Hi! thanks for your contribution!, great first issue!
@jakubczakon pls ^^
Hi @Dunrar I am on it.
@Dunrar I couldn't reproduce your error.
I ran a simple mnist example with a similar lightning module you showed.
First without early stopping:
https://ui.neptune.ai/o/shared/org/pytorch-lightning-integration/e/PYTOR-71/charts
Then with early stopping:
https://ui.neptune.ai/o/shared/org/pytorch-lightning-integration/e/PYTOR-72/charts
Both seem fine to me.
Also, there are no errors in either case.
Could you please take a look at the source code there (for example this one) and tell me what is different from your case?
Also, as we are working on this I will continue to run those experiments with tags bug
and 1186
to easily find it. It will be in the "bugs" dashboard view here.
Thank you @jakubczakon ! The automatically logging the epochs problem also happens when using TensorBoard and when running your code, too. So it might be a Lightning and not a Neptune thing. I'm using Lightning 0.6.0 btw. The metricId is always the same in the error messages, and if I log nothing explicitly epochs still get logged for every time-step with the same error message from neptune, so it might be that.
Hmm,
the code quite explicitly says:
def on_epoch_end(self):
self.logger.experiment.log_metric('epoch/mean_absolute_loss', y=np.random.random(), x=self.current_epoch)
to log things on epoch end and that is why I don't quite understand what we want to achieve here.
Looking at the example experiments I linked to, what would you like to not see there?
As there are no errors there it is hard for me to understand what am I fixing.
I additionally log self.current_epoch at every timestep, even when running your example:
The error message is still the same:
Mhm, so maybe it's simply a lightning thing.
I am running it on:
pytorch-lightning==0.7.2.dev0
It works just fine on
pytorch-lightning==0.7.1
https://ui.neptune.ai/o/shared/org/pytorch-lightning-integration/e/PYTOR-74/logs
Any chance you could upgrade lightning?
By the way, this project is public and you can log to it via "ANONYMOUS" token anonymously.
It could make things easier to communicate I think.
Alright, I upgraded Lightning to 0.7.1, and logged to the project anonymously. It no longer logs the epoch per timestep, but the error message persists.
Great, we're halfway there :)
Also, I don't see any error message here:
https://ui.neptune.ai/o/shared/org/pytorch-lightning-integration/e/PYTOR-75/logs
should I add self.current_epoch channel to the training loop or something?

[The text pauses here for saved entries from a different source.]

Lemma muni_mcoeff m (P : {mpoly k[m.+1]}) (mm : 'X_{1..m.+1}) :
  P@_mm = ((muni P)`_(mm ord_max))@_[multinom mm (widen_ord (leqnSn m) i) | i < m].
Proof.
rewrite muniE coef_sum raddf_sum /=.
rewrite (eq_bigr (fun mm' => if mm' == mm then P@_mm' else 0)).
  rewrite sum_if_eq_seq ?msupp_uniq //; case: ifP => //.
  by rewrite mcoeff_msupp => /negbFE/eqP.
move=> mm' _; rewrite coefZ coefXn.
case: (eqVneq mm' mm) => [->|neq_mm].
  by rewrite !eqxx mulr1 mcoeffZ mcoeffX eqxx mulr1.
case: (eqVneq (mm ord_max) (mm' ord_max)) => [eq_last|]; last by rewrite mulr0 mcoeff0.
rewrite mulr1 mcoeffZ mcoeffX; case: eqP => [eq_init|]; last by rewrite mulr0.
case/eqP: neq_mm; apply/mnmP => i; case: (unliftP ord_max i) => [j ->|-> //].
have := congr1 (fun t : 'X_{1..m} => t j) eq_init; rewrite !mnmE.
suff -> : lift ord_max j = widen_ord (leqnSn m) j by [].
by apply: val_inj; rewrite /= /bump leqNgt ltn_ord.
Qed.

Lemma mpoly_vanishing_eq0 m (P : {mpoly k[m]}) : (forall x, P.@[x] = 0) -> P = 0.
Proof.
elim: m P => [|m IHm] P P0.
  have eq0 (x : 'X_{1..0}) : x = 0%MM by apply/mnmP => -[].
  apply/mpolyP => mm; rewrite mcoeff0 (eq0 mm).
  move: (P0 (fun _ => 0)); rewrite mevalE.
  rewrite (eq_bigr (fun mm' => P@_mm')) => [|mm' _]; last by rewrite big_ord0 mulr1.
  have := msupp_uniq P; case E: (msupp P) => [|x [|y s]] /= uniq_supp.
  - by move=> _; apply: memN_msupp_eq0; rewrite E.
  - by rewrite big_seq1 (eq0 x).
  - by rewrite (eq0 x) (eq0 y) in_cons eqxx in uniq_supp.
have fibre0 w : map_poly (meval w) (muni P) = 0.
  apply: contraTeq isT => /closed_nonrootP [a]; rewrite /root => nonroot_a.
  pose v : 'I_m.+1 -> k := fun i => if unlift ord_max i is Some j then w j else a.
  have := P0 v; rewrite muni_meval.
  have -> : map_poly (meval (fun i => v (widen_ord (leqnSn m) i))) (muni P)
         = map_poly (meval w) (muni P).
    apply: eq_map_poly => c; apply: meval_eq => i; rewrite /v.
    suff -> : widen_ord (leqnSn m) i = lift ord_max i by rewrite liftK.
    by apply: val_inj; rewrite /= /bump leqNgt ltn_ord.
  by rewrite /v unlift_none => P0_va; rewrite -P0_va eqxx in nonroot_a.
have coef0 j : (muni P)`_j = 0.
  apply: IHm => w; have := congr1 (fun p : {poly k} => p`_j) (fibre0 w).
  by rewrite coef_map /= coef0.
by apply/mpolyP => mm; rewrite mcoeff0 muni_mcoeff coef0 mcoeff0.
Qed.

Lemma mpoly_vanishing_off_eq0 m (P D : {mpoly k[m]}) : D != 0 ->
  (forall x, D.@[x] != 0 -> P.@[x] = 0) -> P = 0.
Proof.
move=> D_neq0 P0; have : P * D = 0.
  apply: mpoly_vanishing_eq0 => x; rewrite mevalM.
  by case: (eqVneq D.@[x] 0) => [->|/P0 ->]; rewrite ?mulr0 ?mul0r.
by move/eqP; rewrite mulf_eq0 (negbTE D_neq0) orbF => /eqP.
Qed.

Lemma mpoly_neq0_nonvanishing m (P : {mpoly k[m]}) : P != 0 -> exists x, P.@[x] != 0.
Proof.
move=> P_neq0; apply: NNPP => vanishing; move/eqP: P_neq0; apply.
apply: mpoly_vanishing_eq0 => x; apply/eqP/contraT => Px_neq0.
by case: vanishing; exists x.
Qed.

Lemma comp_mpoly_vars_neq0 m M (P : {mpoly k[m]}) (f : 'I_m -> 'I_M) :
  injective f -> P != 0 -> P \mPo [tuple 'X_(f i) | i < m] != 0.
Proof.
move=> f_inj /mpoly_neq0_nonvanishing [x Px_neq0].
pose y (j : 'I_M) := if [pick i | f i == j] is Some i then x i else 0.
apply: contraNneq Px_neq0 => /(congr1 (meval y)); rewrite meval0 comp_mpoly_meval.
move=> <-; apply/eqP/meval_eq => i; rewrite tnth_mktuple mevalXU /y.
by case: pickP => [i' /eqP/f_inj -> //|/(_ i)]; rewrite eqxx.
Qed.

End VanishingPolynomials.

Section ClearingDenominators.
Variable k : fieldType.

Definition numer_comp a b (Q : {mpoly k[a]}) (u : 'I_a -> {mpoly k[b]})
    (d : {mpoly k[b]}) : {mpoly k[b]} :=
  \sum_(mm <- msupp Q) Q@_mm *: ((\prod_i u i ^+ mm i) * d ^+ (msize Q - mdeg mm)).

Lemma numer_comp_meval a b (Q : {mpoly k[a]}) (u : 'I_a -> {mpoly k[b]}) d x :
  d.@[x] != 0 ->
  (numer_comp Q u d).@[x] = d.@[x] ^+ msize Q * Q.@[fun i => (u i).@[x] / d.@[x]].
Proof.
move=> dx_neq0; rewrite /numer_comp raddf_sum [X in _ = _ * X]mevalE mulr_sumr.
(* generalized, lest [ring] try to normalize the exponent [msize Q] *)
apply: eq_big_seq => mm /msize_mdeg_lt/ltnW; move: (msize Q) => D le_mm_D.
rewrite /= mevalZ mevalM rmorph_prod /= rmorphXn /=.
rewrite (eq_bigr (fun i => (u i).@[x] ^+ mm i)) => [|i _]; last by rewrite rmorphXn.
have -> : \prod_i ((u i).@[x] / d.@[x]) ^+ mm i
        = (\prod_i (u i).@[x] ^+ mm i) / d.@[x] ^+ mdeg mm.
  rewrite (eq_bigr (fun i => (u i).@[x] ^+ mm i * (d.@[x]^-1) ^+ mm i)) => [|i _].
    by rewrite big_split /= prodrXr -mdegE exprVn.
  by rewrite exprMn.
by rewrite expfB_cond ?(negbTE dx_neq0) ?add0n //; ring.
Qed.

Yea, no error message in neptune, but my console shows it anyway. I tried logging nothing but self.logger.experiment.log_metric('epoch/mean_absolute_loss', y=train_loss_mean, x=self.current_epoch)
, where I state x and y explicitly, but still no luck. Thank you for your quick response btw!
Is that on epoch end?
Yes. I logged my own project to the public project now, too, if you want to have a look at the code.

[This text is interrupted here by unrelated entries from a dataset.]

Lemma mdeg_mnm_box b m : m \in mnm_box b -> (mdeg m <= (n + n) * b)%N.
Proof.
move=> /mapP [f _ ->]; rewrite mdegE -[X in (_ <= X * b)%N]card_ord -sum_nat_const.
by apply: leq_sum => i _; rewrite mnmE -ltnS ltn_ord.
Qed.

(* The [(b+1)^(2n)] monomials with exponents at most [b] have degree at most
   [k = 2nb]; by [filtration_annihilator_eq0] they act independently as maps
   [F_k -> F_(2k)], a space of dimension [dim F_k * dim F_(2k)]. *)
Lemma mnm_box_size_le b (B1 B2 : seq M) (k := ((n + n) * b)%N) :
  (forall y, y \in B1 -> in_filtration k y) ->
  (forall u, in_filtration k u -> in_lspan B1 u) ->
  (forall u, in_filtration (k + k) u -> in_lspan B2 u) ->
  (b.+1 ^ (n + n) <= size B1 * size B2)%N.
Proof.
move=> B1F FB1 FB2; rewrite leqNgt; apply/negP; set bx := mnm_box b.
rewrite -(size_mnm_box b) -/bx => lt_bx.
have bxF (t : 'I_(size bx)) (i : 'I_(size B1)) : in_lspan B2 (weyl_mono (nth 0%MM bx t) B1`_i).
  apply/FB2/(in_filtration_le _ (in_filtration_weyl_mono _ (B1F _ (mem_nth 0 (ltn_ord i))))).
  by rewrite leq_add2l mdeg_mnm_box ?mem_nth.
have [u nz_u u0] := exists_vanishing_combination lt_bx bxF.
pose P : {mpoly K[n + n]} := \sum_(t < size bx) u 0 t *: 'X_[nth 0%MM bx t].
have P0 : P = 0.
  apply: (@filtration_annihilator_eq0 k).
    apply: leq_trans (msize_sum _ _ _) _; apply/bigmax_leqP_seq => t _ _.
    by apply: leq_trans (msizeZ_le _ _) _; rewrite msizeX ltnS mdeg_mnm_box ?mem_nth.
  move=> w /FB1 [c ->]; rewrite (lmap_sum (weyl_act_lin HAV P)) big1 // => i _.
  by rewrite (lmapZ (weyl_act_lin HAV P)) weyl_act_comb u0 scaler0.
move/negP: nz_u; apply; apply/eqP/rowP => t; rewrite mxE.
have := congr1 (mcoeff (nth 0%MM bx t)) P0; rewrite mcoeff0 raddf_sum (bigD1 t) //=.
rewrite mcoeffZ mcoeffX eqxx mulr1 big1 ?addr0 // => s st.
by rewrite mcoeffZ mcoeffX nth_uniq ?uniq_mnm_box // (inj_eq val_inj) (negbTE st) mulr0.
Qed.

Lemma bernstein_dim_bound b (L : seq M) :
  (forall u, in_filtration ((n + n) * b + (n + n) * b) u -> in_lspan L u) ->
  (b.+1 ^ n <= Defs.dim_span L)%N.
Proof.
move=> FL; set k := ((n + n) * b)%N in FL.
have [B1 [iB1 B1F FB1]] := exists_filtration_basis k.
have [B2 [iB2 B2F FB2]] := exists_filtration_basis (k + k).
have le_B12 : (size B1 <= size B2)%N.
  apply: lin_indep_size_le => // y /B1F Fy.
  exact/FB2/(in_filtration_le (leq_addr k k)).
have le_B2L : (size B2 <= Defs.dim_span L)%N.
  by apply: dim_span_ge => // y /B2F; apply: FL.
rewrite -leq_sqr -expnM muln2 -addnn.
apply: leq_trans (mnm_box_size_le B1F FB1 FB2) _.
by rewrite expnS expn1; apply: leq_mul; apply: leq_trans le_B2L.
Qed.

End Bernstein.

Section Layers.
Variables (K : fieldType) (n : nat) (M : lmodType K).
Variables (aA : Apoly K n -> M -> M) (aV : Vder K n -> M -> M).
Hypothesis HAV : is_AVmodule aA aV.
Variables (cs : seq (sterm K n)) (ms : seq M).
Hypothesis Hcs : gen_subspace cs.

Local Notation tact := (tact aA aV).
Local Notation layer := (layer aA aV cs ms).

Lemma tact_lin t : linear (tact t).
Proof.
elim: t => [f|eta|a|s IHs u IHu|s IHs u IHu] c x y /=.
- exact: (aA_linr HAV).
- exact: (aV_linr HAV).
- by rewrite scalerDr !scalerA mulrC.
- by rewrite IHs IHu scalerDr addrACA.
- by rewrite IHu IHs.
Qed.

Lemma tact_req s t : req s t -> tact s =1 tact t.
Proof.
elim=> {s t} /=.
- by [].
- by move=> s t _ IH x.
- by move=> s t u _ IH1 _ IH2 x; rewrite IH1 IH2.
- by move=> s s' t t' _ IH1 _ IH2 x; rewrite IH1 IH2.
- by move=> s s' t t' _ IH1 _ IH2 x; rewrite IH2 IH1.
- by move=> s t u x; rewrite addrA.
- by move=> s t x; rewrite addrC.
- by move=> t x; rewrite scale0r add0r.
- by move=> t x; rewrite scaleN1r addNr scale0r.
- by [].
- by move=> t x; rewrite scale1r.
- by move=> t x; rewrite scale1r.
- by [].
- by move=> s t u x; rewrite (lmapD (tact_lin u)).
- by move=> a b x; rewrite scalerDl.
- by move=> a b x; rewrite scalerA.
- by move=> c t x; rewrite (lmapZ (tact_lin t)).
- by move=> f g x; rewrite (aA_addl HAV).
- by move=> c f x; rewrite (aA_scalel HAV).
- by move=> f g x; rewrite (aA_mul HAV).
- by move=> x; rewrite (aA_one HAV) scale1r.
- by move=> eta mu x; rewrite (aV_addl HAV).
- by move=> c eta x; rewrite (aV_scalel HAV).
- by move=> eta mu x; rewrite -(aV_lie HAV) addrC subrK.
- by move=> eta f x; rewrite (aV_leibniz HAV).
Qed.

Lemma word_act_allpairs_cons (cs' : seq (sterm K n)) (W : seq (seq (sterm K n))) :
  [seq word_act aA aV w v | w <- [seq c :: w | c <- cs', w <- W], v <- ms] =
  [seq tact c x | c <- cs', x <- [seq word_act aA aV w v | w <- W, v <- ms]].
Proof.
elim: cs' => [|c cs' IH] //.
by rewrite !allpairs_cons allpairs_cat IH allpairs_mapl map_allpairs.
Qed.

Lemma layerS m : layer m.+1 = [seq tact c x | c <- cs, x <- layer m].
Proof. by rewrite /layer /words iterS -/(words cs m) word_act_allpairs_cons. Qed.

Lemma mem_allpairs_In (L : seq M) c x : List.In c cs -> x \in L ->
  tact c x \in [seq tact c x | c <- cs, x <- L].
Proof.
elim: cs => [|c' cs' IH] //= c_cs x_L; rewrite mem_cat.
by case: c_cs => [<-|/IH ->]; rewrite ?map_f ?orbT.
Qed.

Definition in_layer m y := in_lspan (layer m) y.

Lemma in_layer_tact m c y : List.In c cs -> in_layer m y -> in_layer m.+1 (tact c y).
Proof.
move=> c_cs [a ->]; rewrite (lmap_sum (tact_lin c)); apply: in_lspan_sum => i.
rewrite (lmapZ (tact_lin c)); apply/in_lspanZ/in_lspan_mem.
by rewrite layerS; apply: mem_allpairs_In c_cs (mem_nth 0 (ltn_ord i)).
Qed.

Lemma in_layer_span m t y : in_span cs t -> in_layer m y -> in_layer m.+1 (tact t y).
Proof.
move=> t_cs y_m; elim: t_cs => [|a c t' c_cs _ IH] /=.
  by rewrite scale0r; apply: in_lspan0.
by apply/in_lspanD/IH/in_lspanZ; apply: in_layer_tact.
Qed.

Lemma in_layerS m y : in_layer m y -> in_layer m.+1 y.
Proof.
have [[t1 [t1_cs t1E]] _] := Hcs.
by move=> y_m; have := in_layer_span t1_cs y_m; rewrite (tact_req t1E) /= scale1r.
Qed.

Lemma in_layer_le m m' y : (m <= m')%N -> in_layer m y -> in_layer m' y.
Proof.
move=> /subnK <-; elim: (m' - m)%N => [|j IH] // y_m.
by rewrite addSn; apply/in_layerS/IH.
Qed.

Definition layer_shift t l := forall m y, in_layer m y -> in_layer (m + l) (tact t y).

Lemma layer_shift_le t l l' : (l <= l')%N -> layer_shift t l -> layer_shift t l'.
Proof. by move=> le_l t_l m y y_m; apply: in_layer_le (t_l m y y_m); rewrite leq_add2l. Qed.

Lemma layer_shiftD s t l1 l2 :
  layer_shift s l1 -> layer_shift t l2 -> layer_shift (tadd s t) (maxn l1 l2).
Proof.
move=> s_l1 t_l2 m y y_m /=; apply: in_lspanD.
  exact: (layer_shift_le (leq_maxl _ _) s_l1).
exact: (layer_shift_le (leq_maxr _ _) t_l2).
Qed.

Lemma layer_shiftM s t l1 l2 :
  layer_shift s l1 -> layer_shift t l2 -> layer_shift (tmul s t) (l2 + l1).
Proof. by move=> s_l1 t_l2 m y y_m /=; rewrite addnA; apply/s_l1/t_l2. Qed.

Lemma layer_shiftK a : layer_shift (tK n a) 0.
Proof. by move=> m y y_m; rewrite addn0; apply: in_lspanZ. Qed.

Lemma layer_shift_alg t : Defs.in_alg cs t -> exists l, layer_shift t l.
Proof.
elim=> {t} [c c_cs|a|s t _ [l1 s_l1] _ [l2 t_l2]|s t _ [l1 s_l1] _ [l2 t_l2]].
- by exists 1%N => m y y_m; rewrite addn1; apply: in_layer_tact.
- by exists 0%N; apply: layer_shiftK.
- by exists (maxn l1 l2); apply: layer_shiftD.
- by exists (l2 + l1)%N; apply: layer_shiftM.
Qed.

(* Generators of [A] and [V] are only known through expressions in [cs]. *)
Lemma layer_shift_exists t : exists l, layer_shift t l.
Proof.
have [_ [csA csV]] := Hcs.
have via_alg u : (exists t', Defs.in_alg cs t' /\ req t' u) -> exists l, layer_shift u l.
  move=> [t' [t'_cs t'E]]; have [l t'_l] := layer_shift_alg t'_cs.
  by exists l => m y y_m; rewrite -(tact_req t'E); apply: t'_l.
elim: t => [f|eta|a|s [l1 s_l1] t [l2 t_l2]|s [l1 s_l1] t [l2 t_l2]].
- exact/via_alg/csA.
- exact/via_alg/csV.
- by exists 0%N; apply: layer_shiftK.
- by exists (maxn l1 l2); apply: layer_shiftD.
- by exists (l2 + l1)%N; apply: layer_shiftM.
Qed.

Lemma in_layer_ms u : u \in ms -> in_layer 0 u.
Proof. by move=> u_ms; apply: in_lspan_mem; rewrite /layer /= cats0 map_id_in. Qed.

Lemma in_layer_exists y : gen_module aA aV ms -> exists m, in_layer m y.
Proof.
move=> /(_ y) [ps [ps_ms ->]]; elim: ps ps_ms => [|p ps IH] /=.
  by exists 0%N; rewrite big_nil; apply: in_lspan0.
move=> /andP [p_ms /IH [m1 ps_m1]]; have [l p_l] := layer_shift_exists p.1.
have := p_l 0%N _ (in_layer_ms p_ms); rewrite add0n => p_m.
exists (maxn l m1); rewrite big_cons; apply: in_lspanD.
  exact: in_layer_le (leq_maxl _ _) p_m.
exact: in_layer_le (leq_maxr _ _) ps_m1.
Qed.

Lemma weyl_layer_shift : exists l, forall i m y, in_layer m y ->
  in_layer (m + l) (Xop aA i y) /\ in_layer (m + l) (Dop aV i y).
Proof.
have /fin_all_exists [lX lX_sh] i := layer_shift_exists (tA 'X_i).
have /fin_all_exists [lD lD_sh] i := layer_shift_exists (tV (@Vpartial K n i)).
exists (\max_i maxn (lX i) (lD i)) => i m y y_m; split.
  by apply: (layer_shift_le _ (lX_sh i)) => //; apply: leq_trans (leq_maxl _ _) (leq_bigmax i).
by apply: (layer_shift_le _ (lD_sh i)) => //; apply: leq_trans (leq_maxr _ _) (leq_bigmax i).
Qed.

Section Filtration.
Variable l : nat.
Hypothesis l_shift : forall i m y, in_layer m y ->
  in_layer (m + l) (Xop aA i y) /\ in_layer (m + l) (Dop aV i y).

Lemma in_layer_weyl_mono mu m x :
  in_layer m x -> in_layer (m + l * mdeg mu) (weyl_mono aA aV mu x).
Proof.
elim/mnm_split_ind: mu m x => [|mu i IH|mu i IH] m x x_m.
- by rewrite mdeg0 muln0 addn0 weyl_mono0.
- rewrite weyl_monoDl // mdegD mdeg1 mulnDr muln1 addnA.
  exact: (l_shift i (IH _ _ x_m)).1.
- rewrite weyl_monoDr // mdegD mdeg1 mulnDr muln1 (addnC (l * _)) addnA.
  exact/IH/(l_shift i x_m).2.
Qed.

Lemma in_layer_filtration v d k u :
  in_layer d v -> in_filtration aA aV v k u -> in_layer (d + l * k) u.
Proof.
move=> v_d [Q le_Q ->]; rewrite (weyl_actwE _ _ _ le_Q); apply: in_lspan_sum => mu.
apply/in_lspanZ/(@in_layer_le (d + l * mdeg (bmnm mu))).
  by rewrite leq_add2l leq_mul2l -ltnS bmdeg orbT.
exact: in_layer_weyl_mono.
Qed.

End Filtration.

Trying to reproduce on my data loader and cannot for some reason get EarlyStopping
to stop it -> I think this could be the problem.
By the way why are you saving loss as text here?
def on_train_end(self):
self.logger.experiment.log_text('network/final_loss', str(self.final_loss))
Also, could you try do the following:
When definiting the logger go:
neptune_logger = NeptuneLogger(
api_key="ANONYMOUS",
project_name="shared/pytorch-lightning-integration",
close_after_fit=False,
...
)
and then simply at the very end of your training (after trainer.fit()
in your case) do
neptune_logger.experiment.stop()
This is something that fixes trainer.test(test)
and lets you log additional info after training as explained in the docs here.
I wrote that before I knew that you could see logged metrics in textform, before my first run. I average over ten runs per network-configuration and create a graph. I thought it would be nice to check for myself if everything works without having too find the value in the graph :D I will delete that now.
I get TypeError: create_experiment() got an unexpected keyword argument 'close_after_fit'
close_after_fit
goes into NeptuneLogger
from pytorch lightning.
Can you check if you are getting the same error without EarlyStopping
?
Would make things easier to debug.
Weirdly my NeptuneLogger does not have that parameter, even though I have 0.7.1. I see it in the GitHub repository, but not in my local version.
I tried no EarlyStopping for my code and it made no difference. Also in my code: Initialize a neptune.ml logger.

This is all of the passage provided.